Assuming a Boltzmann distribution, the population number density of the emitting level is defined by:

$$N_{A_2}\left(n^{\prime }, {\nu }^{\prime }, K^{\prime }, J^{\prime }, P^{\prime }\right)=\left(\frac{N_{A_2}\left(T\right)}{Q_{A_2}^{\mathrm{int}}\left(T\right)}\right)\varphi \left({2J}^{\prime }+1\right)\exp \left(-\frac{E^{\prime }}{k_{B}T}\right)$$

(9)

$$\mathrm{with} E^{\prime }=\mathit{hc}\left(T_e^{\prime }+G^{\prime }\left({\nu }^{\prime }\right)+F_{\nu }^{\prime }\left(K^{\prime }\right)\right)$$

(10)

where $N_{A_2}\left(T\right)$ is the number density of the molecule A₂, $Q_{A_2}^{\mathrm{int}}\left(T\right)$ is the internal partition function of the molecule A₂ depending on the parity of the level and the spin quantum number, $n^{\prime }$ is the electronic level, and ${\nu }^{\prime }$, $K^{\prime }$, $J^{\prime },$ and $P^{\prime }$ are the vibrational, rotational, sub-rotational, and symmetry quantum numbers, respectively; $E^{\prime }$ is the energy of the level in the Born-Oppenheimer approximation, and $T_e^{\prime }$, $G^{\prime }\left({\nu }^{\prime }\right),$ and $F_{\nu }^{\prime }\left(K^{\prime }\right)$ are the electronic, vibrational, and rotational energies, respectively.

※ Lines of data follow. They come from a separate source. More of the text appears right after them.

(* Let $0\le c<\sqrt2-1$. Let $a,b_1,b_2$ be positive integers such that $ca$ and $cb_2$ are integers and $b_1/((1+c)b_2)$ is a positive integer. Let $w_1$ be the infinite word $1_{\infty,a}$ or $2_{\infty,a}$, let $w_2=1_{b_1,b_2}2_{b_1,b_2}$, and let $s$ be a (finite) common subsequence of $w_1$ and $w_2$. Then \[\operatorname{span}_{w_1}s+2b_1\ \ge\ (3+c)\operatorname{len} s-\frac{4ab_1}{b_2}.\]
   Context: Words are over the alphabet $\{1,2\}$; $\alpha^m$ denotes letter $\alpha$ repeated $m$ times and $u^m$ denotes $m$ copies of the word $u$ concatenated. For a positive integer $M$ (with the relevant quantities integers), $1_{M,a}=(1^a2^{ca})^{M/((1+c)a)}$ and $2_{M,a}=(2^a1^{ca})^{M/((1+c)a)}$; $1_{\infty,a}$ and $2_{\infty,a}$ denote the infinite repetitions of $1^a2^{ca}$ and $2^a1^{ca}$ respectively. Symbols are distinguishable positions; a common subsequence of $w_1,w_2$ is a pair of subsequences of $w_1$ and $w_2$ equal as words, of length $\operatorname{len} s$. $\operatorname{span}_{w_1}s$ is the length of the shortest block of consecutive symbols of $w_1$ containing the part of $s$ lying in $w_1$. *)

From HB Require Import structures.
From mathcomp Require Import all_boot all_order all_algebra.
From mathcomp Require Import reals.
Set Implicit Arguments. Unset Strict Implicit. Unset Printing Implicit Defensive.

(* Periodic pattern with blocks x^a y^k repeated: letter at position i
   (0-indexed) of (x^a y^k)^infinity. *)
Definition blockpat (a k x y : nat) (i : nat) : nat :=
  if i %% (a + k) < a then x else y.

(* 1_{oo,a} and 2_{oo,a}, where k = c*a. *)
Definition one_inf (a k : nat) : nat -> nat := blockpat a k 1 2.
Definition two_inf (a k : nat) : nat -> nat := blockpat a k 2 1.

(* 1_{M,b} = (1^b 2^{k})^{M/(b+k)} and 2_{M,b} = (2^b 1^k)^{M/(b+k)}, with
   k = c*b; when (b+k) divides M these words have length M. *)
Definition one_fin (M b k : nat) : seq nat := mkseq (blockpat b k 1 2) M.
Definition two_fin (M b k : nat) : seq nat := mkseq (blockpat b k 2 1) M.

(* A common subsequence of an infinite word w1 and a finite word w2, given by
   the strictly increasing lists of positions p (in w1) and q (in w2) of its
   symbols, with equal letters. *)
Definition common_subseq (w1 : nat -> nat) (w2 : seq nat) (p q : seq nat) : Prop :=
  [/\ sorted ltn p, sorted ltn q, size p = size q,
      all (fun j => j < size w2) q & map w1 p = map (nth 0 w2) q].

(* Length of the shortest block of consecutive positions containing all
   positions in p (p strictly increasing); 0 if p is empty. *)
Definition span_pos (p : seq nat) : nat :=
  if p is x :: t then (last x t - x).+1 else 0.

(* Give each symbol of s the weight a + ka if it is the letter x whose blocks
   in w1 have length a, and 3a + ka otherwise, so that the total weight is
   (3a + ka) len s - 2a #x(s) >= (3a + ka) len s - 2a b1.  The word
   w2 = 1_{b1,b2} 2_{b1,b2} consists of 4m runs of a constant letter, so s splits
   into at most 4m groups of equal letters whose w1-positions occupy disjoint
   windows.  Since (1 + c)^2 <= 2, the copies of one letter inside a window of w1
   of length W have total weight at most aW + a^2; summing over the groups bounds
   the total weight by a span_{w1} s + 4m a^2, and 4m a^2 <= 4a b1 / b2. *)

From HB Require Import structures.
From mathcomp Require Import all_boot all_order all_algebra.
From mathcomp Require Import reals.
From mathcomp Require Import zify ring lra.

The transition probability of a radiative transfer is obtained by the expressions:

$$A_{n^{″}, {\nu }^{″}, K^{″}, J^{″}}^{n^{\prime }, {\nu }^{\prime }, K^{\prime }, J^{\prime }}=A_{n^{″}, {\nu }^{″}}^{n^{\prime }, {\nu }^{\prime }} · A_{K^{″}, J^{″}}^{K^{\prime }, J^{\prime }}$$

(11)

$$\mathrm{with} A_{K^{″}, J^{″}}^{K^{\prime }, J^{\prime }}=\frac{S_{K^{″}, J^{″}}^{K^{\prime }, J^{\prime }}}{2J^{\prime }+1}$$

(12)

where $A_{n^{″}, {\nu }^{″}}^{n^{\prime }, {\nu }^{\prime }}$ is the Einstein coefficient, $A_{K^{″}, J^{″}}^{K^{\prime }, J^{\prime }}$ is the rotational transition probability, and $S_{K^{″}, J^{″}}^{K^{\prime }, J^{\prime }}$ is the Hönl-London factor calculated by Whiting et al. [86]:

$$\sum S_{K^{″}, J^{″}}^{K^{\prime }, J^{\prime }}=\left({2-\delta }_{{0, \mathsf{\Lambda }}^{\prime }}{\delta }_{{0, \mathsf{\Lambda }}^{″}}\right)\left(2S^{\prime }+1\right)\left(2J^{\prime }+1\right)$$

(13)

where ${\delta }_{0, \mathsf{\Lambda }}$ is the Kronecker symbol, whose value is 1 if $\mathsf{\Lambda }=0$ and 0 otherwise, $2S^{\prime }+1$ is the spin multiplicity of the upper electronic state. $\Lambda =\left|M_{\mathrm{L}}\right|$ is the quantum number, with a value between 0 and $L$ (state $\mathsf{\Sigma }\left(\mathsf{\Lambda }=0\right)$, $\mathsf{\Pi }\left(\mathsf{\Lambda }=1\right)$, $\mathsf{\Delta }\left(\mathsf{\Lambda }=2\right)$).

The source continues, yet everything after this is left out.